- WHAT THE TASK REQUIRES
Please transcribe exactly, and only, the lines of the data below between the line holding "by rewrite !mulf_eq0" and the line holding "move=> nz av sa;", inclusive.

- RECORDS SUPPLIED
Lemma safe_sum_split n m (g : seq (A * S) -> R) :
  \sum_(t : (n + m).-tuple (A * S)) pp sigma s0 t * g (take n t) * (avoids Bad s0 t)%:R =
  \sum_(t : n.-tuple (A * S)) pp sigma s0 t * g t * (avoids Bad s0 t)%:R *
    Pn (residual t) (last_state s0 t) m.
Proof.
rewrite (sum_tuple_cat n m (fun t => pp sigma s0 t * g (take n t) * (avoids Bad s0 t)%:R)).
apply: eq_bigr => t _; rewrite /prob_safe_n mulr_sumr; apply: eq_bigr => t' _.
have shift h : sigma s0 (t ++ h) = residual t (last_state s0 t) h by rewrite /residual eqxx.
have := cylprob_shift (tp M) [::] (last_state s0 t) t' shift; rewrite cats0 => cyl_residual.
rewrite take_size_cat ?size_tuple // pathprob_cat cyl_residual avoids_cat -mulnb natrM.
by rewrite /pathprob; ring.
Qed.

Lemma safe_sum_split_cvg n (g : seq (A * S) -> R) :
  (fun m => \sum_(t : (n + m).-tuple (A * S))
     pp sigma s0 t * g (take n t) * (avoids Bad s0 t)%:R) @ \oo -->
  \sum_(t : n.-tuple (A * S)) pp sigma s0 t * g t * (avoids Bad s0 t)%:R *
    prob_safe M Bad (residual t) (last_state s0 t).
Proof.
rewrite (funext (fun m => safe_sum_split n m g)).
apply: cvg_big => [|t _]; first exact: add_continuous.
have [_ pv] := pathprob_ge0_valid s0 t Hs.
have [->|/pv vt] := eqVneq (pp sigma s0 t) 0.
  by rewrite !mul0r; under eq_cvg do rewrite !mul0r; exact: cvg_cst.
by apply: cvgMl_tmp; exact/is_cvg_prob_safe_n/residual_strategy.
Qed.

Lemma prob_safe_split n :
  prob_safe M Bad sigma s0 =
  \sum_(t : n.-tuple (A * S)) pp sigma s0 t * (avoids Bad s0 t)%:R *
    prob_safe M Bad (residual t) (last_state s0 t).
Proof.
have Pn_shift : (fun m => \sum_(t : (n + m).-tuple (A * S))
    pp sigma s0 t * 1 * (avoids Bad s0 t)%:R) @ \oo --> prob_safe M Bad sigma s0.
  rewrite (_ : (fun m => _) = (fun m => Pn sigma s0 (m + n))).
    by rewrite cvg_shiftn; exact: is_cvg_prob_safe_n.
  by apply: funext => m; rewrite /prob_safe_n addnC; apply: eq_bigr => t _; rewrite mulr1.
rewrite (cvg_unique _ Pn_shift (@safe_sum_split_cvg n (fun=> 1))) //.
by apply: eq_bigr => t _; rewrite mulr1.
Qed.

Hypothesis opt : prob_safe M Bad sigma s0 = V s0.

Lemma safe_mean_Val_opt n : safe_mean sigma s0 V n = V s0.
Proof.
apply/eqP; rewrite eq_le -{1}(safe_mean_Val0 sigma s0).
rewrite (nonincreasing_safe_mean s0 excessive_Val Hs (leq0n n)) /=.
rewrite -{1}opt (prob_safe_split n); apply: ler_sum => t _.
have [p0 pv] := pathprob_ge0_valid s0 t Hs.
have [->|/pv vt] := eqVneq (pp sigma s0 t) 0; first by rewrite !mul0r.
rewrite ler_wpM2l ?mulr_ge0 //.
exact/prob_safe_le_Val/residual_strategy.
Qed.

Lemma residual_prob_safe_opt n (t : n.-tuple (A * S)) :
  pp sigma s0 t != 0 -> avoids Bad s0 t ->
  prob_safe M Bad (residual t) (last_state s0 t) = V (last_state s0 t).
Proof.
move=> nz av.
have gap0 : \sum_(t' : n.-tuple (A * S)) pp sigma s0 t' * (avoids Bad s0 t')%:R *
    (V (last_state s0 t') - prob_safe M Bad (residual t') (last_state s0 t')) = 0.
  under eq_bigr do rewrite mulrBr.
  rewrite sumrB -prob_safe_split opt.
  by rewrite -(safe_mean_Val_opt n) subrr.
have gap_ge0 (t' : n.-tuple (A * S)) : true ->
    0 <= pp sigma s0 t' * (avoids Bad s0 t')%:R *
         (V (last_state s0 t') - prob_safe M Bad (residual t') (last_state s0 t')).
  move=> _; have [p0 pv] := pathprob_ge0_valid s0 t' Hs.
  have [->|/pv vt] := eqVneq (pp sigma s0 t') 0; first by rewrite !mul0r.
  by rewrite !mulr_ge0 // subr_ge0; exact/prob_safe_le_Val/residual_strategy.
have /eqP := @psumr_eq0P _ _ _ _ gap_ge0 gap0 t isT.
by rewrite !mulf_eq0 (negbTE nz) av oner_eq0 /= subr_eq0 => /eqP.
Qed.

Lemma opt_strategy_plays_Opt t a : pp sigma s0 t != 0 -> avoids Bad s0 t ->
  0 < sigma s0 t a -> Opt M Bad (last_state s0 t) a.
Proof.
move=> nz av sa; have vt := (pathprob_ge0_valid s0 t Hs).2 nz.
split; first by have [_ [_ gl]] := Hs vt; exact: gl.
rewrite -next_mean_Val; apply/esym.
apply: (@safe_mean_stable_next_mean sigma s0 V (size t) (in_tuple t)) => //.
  exact: excessive_Val.
by rewrite !safe_mean_Val_opt.
Qed.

- YOUR RESPONSE
by rewrite !mulf_eq0 (negbTE nz) av oner_eq0 /= subr_eq0 => /eqP.
Qed.

Lemma opt_strategy_plays_Opt t a : pp sigma s0 t != 0 -> avoids Bad s0 t ->
  0 < sigma s0 t a -> Opt M Bad (last_state s0 t) a.
Proof.
move=> nz av sa; have vt := (pathprob_ge0_valid s0 t Hs).2 nz.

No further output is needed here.